今朝、元光ゲンジのメンバーの諸星さんに殺虫剤をかけられる夢を見た。その日私はゴキブリを三匹見つけ、そこがたまたま水場だったので、ホースから水を出し、先っぽのダイヤルを「JET」にして引き金を引き、三匹をコーナーに追い詰めた。ジェットの勢いは凄まじいので私はゴキブリの身体を粉砕できたと満足したが、水勢を弱めるとなおうごめいているので私は弱った。それならば、排水口に流してしまおうと再び引き金に力を入れ、今度は集団の左側を狙うようにし、壁伝いに徐々に排水口に接近させる作戦に出た。それはうまくいき、ゴキブリはゴルフのカップのような排水口に吸い込まれた。安心して水勢を弱めたら、その途端網の隙間から、出てこようとするから私は戦慄した。しかも、今度はムカデまで出てきた。ムカデは子供で、隣のトトロのオープニングのようにくるりと回って元の位置に戻ろうとする。
(これは殺虫剤がないとダメだ......)
そう思っていると、諸星さんが殺虫剤を持ってやってきた。私が数年前にラジオ出演していた諸星さんが最後だった。ラジオでも相変わらず俺様キャラを全開にし、複数のパーソナリティは腫れ物をさわるような対応を強いられた。諸星さんは吉幾三に曲を作ってもらったらしく、その宣伝でやってきていた。諸星さんは、
「吉さんが、吉さんが、」
とイキがっていた。しばらく聞いていると諸星さんの中でも序列があることがわかり、どちらかと言えば男性パーソナリティを上に置いているようで、話の要所で男性パーソナリティの発言に乗っかって女性パーソナリティにダメ出しするような場面も見られた。女性パーソナリティは災難であった。
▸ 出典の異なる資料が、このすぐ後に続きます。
(* Let $(p,s)$ be $(1,2)$ or $(2,1)$, let $r,t\in S$ (initial and target state), and let $\overline{f_1},\overline{f_2}$ be reals. For a state $u$ from which $t$ is reachable, let $\pi^p_u$ be a $u$-$t$ path lexicographically minimal in $(\mathit{cost}_p,\mathit{cost}_s)$ and $\pi^s_u$ a $u$-$t$ path lexicographically minimal in $(\mathit{cost}_s,\mathit{cost}_p)$, and set $h_p(u)=\mathit{cost}_p(\pi^p_u)$, $ub_s(u)=\mathit{cost}_s(\pi^p_u)$, $h_s(u)=\mathit{cost}_s(\pi^s_u)$, $ub_p(u)=\mathit{cost}_p(\pi^s_u)$. Let $P$ be a path from $r$ to $u$ with $g_q=\mathit{cost}_q(P)$, which is valid, i.e. $g_1+h_1(u)\le\overline{f_1}$ and $g_2+h_2(u)\le\overline{f_2}$, and which is terminal, i.e. $h_p(u)=ub_p(u)$. Then $P$ is a tentative solution: $g_s+ub_s(u)\le\overline{f_s}$, so that $P$ followed by $\pi^p_u$ is an $r$-$t$ path with $\mathit{cost}_p=g_p+h_p(u)\le\overline{f_p}$ and $\mathit{cost}_s\le\overline{f_s}$.
   Context: $G=(S,E)$ is a directed graph with non-negative edge costs $\mathit{cost}_1,\mathit{cost}_2$; a path is a sequence of states with consecutive pairs in $E$, and $\mathit{cost}_q$ of a path is the sum of $\mathit{cost}_q$ over its edges. *)

From Stdlib Require Import Reals List.
Open Scope R_scope.

Section Graph.
Variable S : Type.

Fixpoint is_walk (E : S -> S -> Prop) (p : list S) : Prop :=
  match p with
  | x :: ((y :: _) as q) => E x y /\ is_walk E q
  | _ => True
  end.

Definition is_path (E : S -> S -> Prop) (a b : S) (p : list S) : Prop :=
  hd_error p = Some a /\ last p a = b /\ is_walk E p.

Fixpoint pcost (c : S -> S -> R) (p : list S) : R :=
  match p with
  | x :: ((y :: _) as q) => c x y + pcost c q
  | _ => 0
  end.

Definition lexmin_path (E : S -> S -> Prop) (ca cb : S -> S -> R)
    (u t : S) (pi : list S) : Prop :=
  is_path E u t pi /\
  forall pi', is_path E u t pi' ->
    pcost ca pi < pcost ca pi' \/
    (pcost ca pi = pcost ca pi' /\ pcost cb pi <= pcost cb pi').
End Graph.

Arguments is_walk {S}.
Arguments is_path {S}.
Arguments pcost {S}.
Arguments lexmin_path {S}.

Definition sel {A : Type} (q : nat) (a1 a2 : A) : A :=
  if Nat.eqb q 1 then a1 else a2.

From Stdlib Require Import Reals List Lra.
Import ListNotations.
Open Scope R_scope.

(* Terminality says that pi^p ties with pi^s in the primary cost, so the
   lexicographic minimality of pi^p forces ub_s(u) = cost_s(pi^p) <=
   cost_s(pi^s) = h_s(u), and validity then gives g_s + ub_s(u) <= fbar_s.
   The remaining claims only say that gluing paths at u adds their costs. *)

Section Concatenation.
Context {S : Type}.
Implicit Types (E : S -> S -> Prop) (c : S -> S -> R) (l q : list S).

Lemma hd_error_app_cons l (u : S) q :
  hd_error (l ++ u :: q) = hd_error (l ++ [u]).
Proof. now destruct l. Qed.

Lemma last_app_cons l (u : S) q d : last (l ++ u :: q) d = last (u :: q) d.
Proof.
  induction l as [|x [|y l] IH]; [reflexivity | reflexivity | exact IH].
Qed.

Lemma last_cons_default (u : S) q d d' : last (u :: q) d = last (u :: q) d'.
Proof.
  revert u; induction q as [|v q IH]; intro u; [reflexivity|].
  exact (IH v).
Qed.

Lemma is_walk_app_cons E l (u : S) q :
  is_walk E (l ++ [u]) -> is_walk E (u :: q) -> is_walk E (l ++ u :: q).
Proof.
  induction l as [|x [|y l] IH]; simpl; [tauto| |]; intros [Hxy Hl] Hq.
  - split; assumption.
  - split; [assumption | exact (IH Hl Hq)].
Qed.

Lemma pcost_app_cons c l (u : S) q :
  pcost c (l ++ u :: q) = pcost c (l ++ [u]) + pcost c (u :: q).
Proof.
  induction l as [|x [|y l] IH]; simpl; [ring | ring |].
  simpl in IH; rewrite IH; ring.
Qed.

Lemma is_path_cons {E} {a b : S} {p} : is_path E a b p -> exists q, p = a :: q.
Proof.
  intros [Hhd _]; destruct p as [|x q]; [discriminate|].
  injection Hhd as ->; now exists q.
Qed.

Lemma is_path_snoc {E} {a b : S} {p} : is_path E a b p -> exists l, p = l ++ [b].
Proof.
  intros [Hhd [Hlast _]]; exists (removelast p).
  rewrite <- Hlast; apply app_removelast_last.
  now intros ->.
Qed.

Lemma is_path_app_tl {E} {r u t : S} {P pi} :
  is_path E r u P -> is_path E u t pi -> is_path E r t (P ++ tl pi).
Proof.
  intros HP Hpi.
  destruct (is_path_snoc HP) as [l ->]; destruct (is_path_cons Hpi) as [q ->].
  destruct HP as [HPhd [_ HPwalk]]; destruct Hpi as [_ [Hpilast Hpiwalk]].
  simpl tl; rewrite <- app_assoc; simpl app.
  repeat split.
  - now rewrite hd_error_app_cons.
  - now rewrite last_app_cons, (last_cons_default u q r u).
  - now apply is_walk_app_cons.
Qed.

Lemma pcost_app_tl {E} c {r u t : S} {P pi} :
  is_path E r u P -> is_path E u t pi -> pcost c (P ++ tl pi) = pcost c P + pcost c pi.
Proof.
  intros HP Hpi.
  destruct (is_path_snoc HP) as [l ->]; destruct (is_path_cons Hpi) as [q ->].
  simpl tl; rewrite <- app_assoc; apply pcost_app_cons.
Qed.

End Concatenation.

Lemma lexmin_path_tie_le {S : Type} {E : S -> S -> Prop} {ca cb : S -> S -> R}
    {u t : S} {pi pi'} :
  lexmin_path E ca cb u t pi -> is_path E u t pi' ->
  pcost ca pi = pcost ca pi' -> pcost cb pi <= pcost cb pi'.
Proof.
  intros [_ Hmin] Hpi' Htie.
  destruct (Hmin pi' Hpi') as [Hlt | [_ Hle]]; [lra | exact Hle].
Qed.

Lemma terminal_path_tentative {S : Type} {E : S -> S -> Prop} {ca cb : S -> S -> R}
    {r u t : S} {fa fb : R} {pia pib P} :
  lexmin_path E ca cb u t pia -> is_path E u t pib -> is_path E r u P ->
  pcost ca P + pcost ca pia <= fa ->
  pcost cb P + pcost cb pib <= fb ->
  pcost ca pia = pcost ca pib ->
  pcost cb P + pcost cb pia <= fb /\
  is_path E r t (P ++ tl pia) /\
  pcost ca (P ++ tl pia) = pcost ca P + pcost ca pia /\
  pcost ca P + pcost ca pia <= fa /\
  pcost cb (P ++ tl pia) <= fb.
Proof.
  intros Hpia Hpib HP Hfa Hfb Hterm.
  pose proof (lexmin_path_tie_le Hpia Hpib Hterm) as Hub.
  pose proof (proj1 Hpia) as Hpath.
  rewrite !(pcost_app_tl _ HP Hpath).
  split; [lra|]; split; [exact (is_path_app_tl HP Hpath)|].
  split; [reflexivity|]; split; [assumption | lra].
Qed.

(* pi1 = lexmin path u->t in (cost1,cost2), pi2 = lexmin in (cost2,cost1).
   h_1(u) = cost1 pi1, ub_2(u) = cost2 pi1, h_2(u) = cost2 pi2, ub_1(u) = cost1 pi2.
   pi^p = sel p pi1 pi2, pi^s = sel s pi1 pi2. *)
Theorem lemma11 (S : Type) (E : S -> S -> Prop) (cost1 cost2 : S -> S -> R)
  (hc1 : forall x y, E x y -> 0 <= cost1 x y)
  (hc2 : forall x y, E x y -> 0 <= cost2 x y)
  (p s : nat) (hps : (p, s) = (1%nat, 2%nat) \/ (p, s) = (2%nat, 1%nat))
  (r t u : S) (fbar1 fbar2 : R)
  (pi1 pi2 : list S)
  (hpi1 : lexmin_path E cost1 cost2 u t pi1)
  (hpi2 : lexmin_path E cost2 cost1 u t pi2)
  (P : list S) (hP : is_path E r u P)
  (hvalid1 : pcost cost1 P + pcost cost1 pi1 <= fbar1)
  (hvalid2 : pcost cost2 P + pcost cost2 pi2 <= fbar2)
  (hterm : pcost (sel p cost1 cost2) (sel p pi1 pi2)
           = pcost (sel p cost1 cost2) (sel s pi1 pi2)) :
  pcost (sel s cost1 cost2) P + pcost (sel s cost1 cost2) (sel p pi1 pi2)
    <= sel s fbar1 fbar2 /\
  is_path E r t (P ++ tl (sel p pi1 pi2)) /\
  pcost (sel p cost1 cost2) (P ++ tl (sel p pi1 pi2))
    = pcost (sel p cost1 cost2) P + pcost (sel p cost1 cost2) (sel p pi1 pi2) /\
  pcost (sel p cost1 cost2) P + pcost (sel p cost1 cost2) (sel p pi1 pi2)
    <= sel p fbar1 fbar2 /\
  pcost (sel s cost1 cost2) (P ++ tl (sel p pi1 pi2)) <= sel s fbar1 fbar2.
Proof.
  destruct hps as [Hps | Hps]; injection Hps as -> ->; unfold sel in *; simpl in *.
  - exact (terminal_path_tentative hpi1 (proj1 hpi2) hP hvalid1 hvalid2 hterm).
  - exact (terminal_path_tentative hpi2 (proj1 hpi1) hP hvalid2 hvalid1 hterm).
Qed.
その諸星さんがゴキブリに殺虫剤をかけているのだが、その勢いが結構強く、私にもかかったので、
「ちょっと、やめてくださいよー、吉さんに言いますよー」
と語気を弱めに、少し冗談ぽく殺虫剤の向きに注意するよう要求したが、諸星は聞く耳を持たないので私の心中は穏やかではなかった。

totoという海外のバンドのドラマーのジェフ・ポーカロという人が、昔、殺虫剤のアレルギーで死んでしまうという事故があった。それは私が中学の話で、その頃私はtotoなんていうバンドは知らなくて、そうしたらクラスメートがtotoのファンなので、
「殺虫剤で死ぬなんてめちゃくちゃダサいな」
と馬鹿にした。さっきも書いたが私はtotoは知らなかったので、殺虫剤の事故も、その友達から聞かされたのである。なかなかフェアな男である。
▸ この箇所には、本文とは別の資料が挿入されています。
Variable S : H K -> H K.
Hypothesis S_conv_id : forall x : H K, conv Delta S id x = unit_eps x.
Hypothesis id_conv_S : forall x : H K, conv Delta id S x = unit_eps x.

Definition Sconv (X : forest -> H K) : H2 K -> H K :=
  linext (fun p : fpair => S (e p.1) * X p.2).

Lemma convE (f g : H K -> H K) x :
  conv Delta f g x = linext (fun p : fpair => f (e p.1) * g (e p.2)) (Delta x).
Proof. by rewrite linextE. Qed.

Lemma unit_epsU u : unit_eps (e u) = (u == mone)%:R *: 1.
Proof. by rewrite /unit_eps /eps mcoeffU1. Qed.

Lemma unit_epsU_neq1 u : u != mone -> unit_eps (e u) = 0.
Proof. by move=> /negbTE u_neq1; rewrite unit_epsU u_neq1 scale0r. Qed.

Lemma antipode1 : S (e mone) = 1.
Proof.
have := S_conv_id (e mone).
by rewrite convE linext_Delta1 unit_epsU eqxx scale1r -malg1U mulr1.
Qed.

Lemma antipodeM_eq0 u v : u != mone -> v != mone -> S (e (mmul u v)) = 0.
Proof.
elim: (fsize u).+1 {-2}u (ltnSn (fsize u)) v => // n IH {}u u_small v u_neq1 v_neq1.
have := id_conv_S (e (mmul u v)).
rewrite convE linext_DeltaM unit_epsU_neq1 ?mmul_neq1l //.
rewrite [A in A + _ - _](_ : _ = e u * conv Delta id S (e v)); last first.
  by rewrite convE -linext_mull; apply: eq_linext => p; rewrite /= mulrA malgMUU.
rewrite id_conv_S unit_epsU_neq1 // mulr0 add0r.
have [R DeltaU R_small] := coproduct_shape_forest u_neq1.
rewrite DeltaU !linextD !linextU1 linext_sum /= big1_seq ?addr0; last first.
  move=> p /(allP R_small) /and3P [_ p2_neq1 p2_small].
  by rewrite linextU1 /= IH ?mulr0 // (leq_trans p2_small).
by rewrite mul1m -malg1U mul1r addrAC subrr add0r.
Qed.

Lemma SconvMr u y X : u != mone ->
  Sconv X (Delta (e (mmul u y))) = Sconv (fun v => X (mmul v y)) (Delta (e u)).
Proof.
move=> u_neq1; have [->|y_neq1] := eqVneq y mone.
  by rewrite mulm1; apply: eq_linext => p; rewrite /= mulm1.
rewrite /Sconv [LHS]linext_DeltaM /=.
rewrite [A in A + _ - _ = _](_ : _ = S (e u) * X y); last first.
  have [R DeltaY R_small] := coproduct_shape_forest y_neq1.
  rewrite DeltaY !linextD !linextU1 linext_sum /= big1_seq ?addr0; last first.
    move=> p /(allP R_small) /and3P [p1_neq1 _ _].
    by rewrite linextU1 /= antipodeM_eq0 ?mul0r.
  by rewrite mulm1 antipodeM_eq0 // mul0r add0r.
by rewrite addrAC subrr add0r.
Qed.

Lemma Sconv_id_eq0 u : u != mone -> Sconv (fun v => e v) (Delta (e u)) = 0.
Proof. by move=> u_neq1; rewrite -(unit_epsU_neq1 u_neq1) -S_conv_id convE. Qed.

Definition Sconv_tree_spec t : Prop := forall X,
  Sconv X (Delta (tree t)) = S (tree t) * X mone + left_cut_sum t (fun r => X (FMonom [:: r])).

Lemma antipode_tree_of_Sconv t :
  Sconv_tree_spec t -> S (tree t) = - left_cut_sum t (fun r => tree r).
Proof.
move=> /(_ (fun v => e v)); rewrite Sconv_id_eq0 ?forest_neq1 // -malg1U mulr1.
by move=> /eqP; rewrite eq_sym addr_eq0 => /eqP.
Qed.

Lemma Sconv_tree t : Sconv_tree_spec t.
Proof.
elim/ptree_left_ind: t => [|t1 ts IH] X.
  have leaf : FMonom [:: Node [::]] = Bplus_forest mone by rewrite forest1.
  rewrite leaf [LHS]linext_Delta_Bplus /= linext_Delta1 antipode1 mul1r.
  by rewrite left_cut_sum_leaf -leaf.
have node : FMonom [:: Node (t1 :: ts)] = Bplus_forest (mmul (FMonom [:: t1]) (FMonom ts)).
  by rewrite forest_cat.
rewrite node [LHS]linext_Delta_Bplus /= -node.
rewrite -/(Sconv (fun v => X (Bplus_forest v)) _) SconvMr ?forest_neq1 // IH.
rewrite left_cut_sum_node [A in _ + (A * _ + _) = _](antipode_tree_of_Sconv IH) mulNr mul1m.
rewrite (@eq_left_cut_sum t1
  (fun r => X (Bplus_forest (mmul (FMonom [:: r] : forest) (FMonom ts))))
  (fun r => X (FMonom [:: Node (r :: ts)]))) // => r.
by rewrite forest_cat.
Qed.

Lemma antipode_tree t : S (tree t) = - left_cut_sum t (fun r => tree r).
Proof. exact/antipode_tree_of_Sconv/Sconv_tree. Qed.

End Antipode.

Theorem proposition15 (K : fieldType)
    (Delta : {linear H K -> H2 K}) (S : {linear H K -> H K}) :
  is_coproduct Delta ->
  (forall x : H K, conv Delta S id x = unit_eps x) ->
  (forall x : H K, conv Delta id S x = unit_eps x) ->
  forall t : ptree,
    S (<< FMonom [:: t] >> : H K) =
      - \sum_(c : {set 'I_(ldepth t)})
          ((-1) ^+ #|c| : K) *: (<< FMonom (Wc c) >> : H K).
Proof.
move=> Delta_coproduct S_conv_id id_conv_S t.
rewrite (antipode_tree Delta_coproduct S_conv_id id_conv_S) /left_cut_sum.
rewrite -big_set_bitseqs; congr (- _); apply: eq_bigr => c _.
rewrite /Wc /cut_bits card_count_bits; case: cutL => r ds /=.
by rewrite malgMUU forest_cat.
Qed.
しかしそれから数年後に私がドラムを始めて雑誌を買うと、ジェフ・ポーカロとはしょっちゅう取り上げられるドラム界では神にも等しい存在だということがわかったので私は「ダサい」と言ったことを後悔した。ドラマー必聴のバンドとして、スティーリーダンというのがいるが、いくつかのアルバムでもジェフが叩いている。私はスティーリーダンが好きなのである。

それでアメリカにドラマーの学校があって、そこにジェフが講師として招かれたとき、ジェフがスティーリーダンのアルバムの曲を何曲知っているのか、生徒に聞くと、生徒はスティーブ・ガッドが叩いた「彩(エイジャ)」という曲しか知らなかったのでジェフは激怒し、
「高い学費を払ってくれたお母さんに謝って、今すぐ学校はやめてしまえ!」
と、言い放つのである。スティーブ・ガッドも神そのもので、ドラム界に革命を起こしたくらいの人でプレイも派手だったから、若い子はみんなスティーブが好きだったのである。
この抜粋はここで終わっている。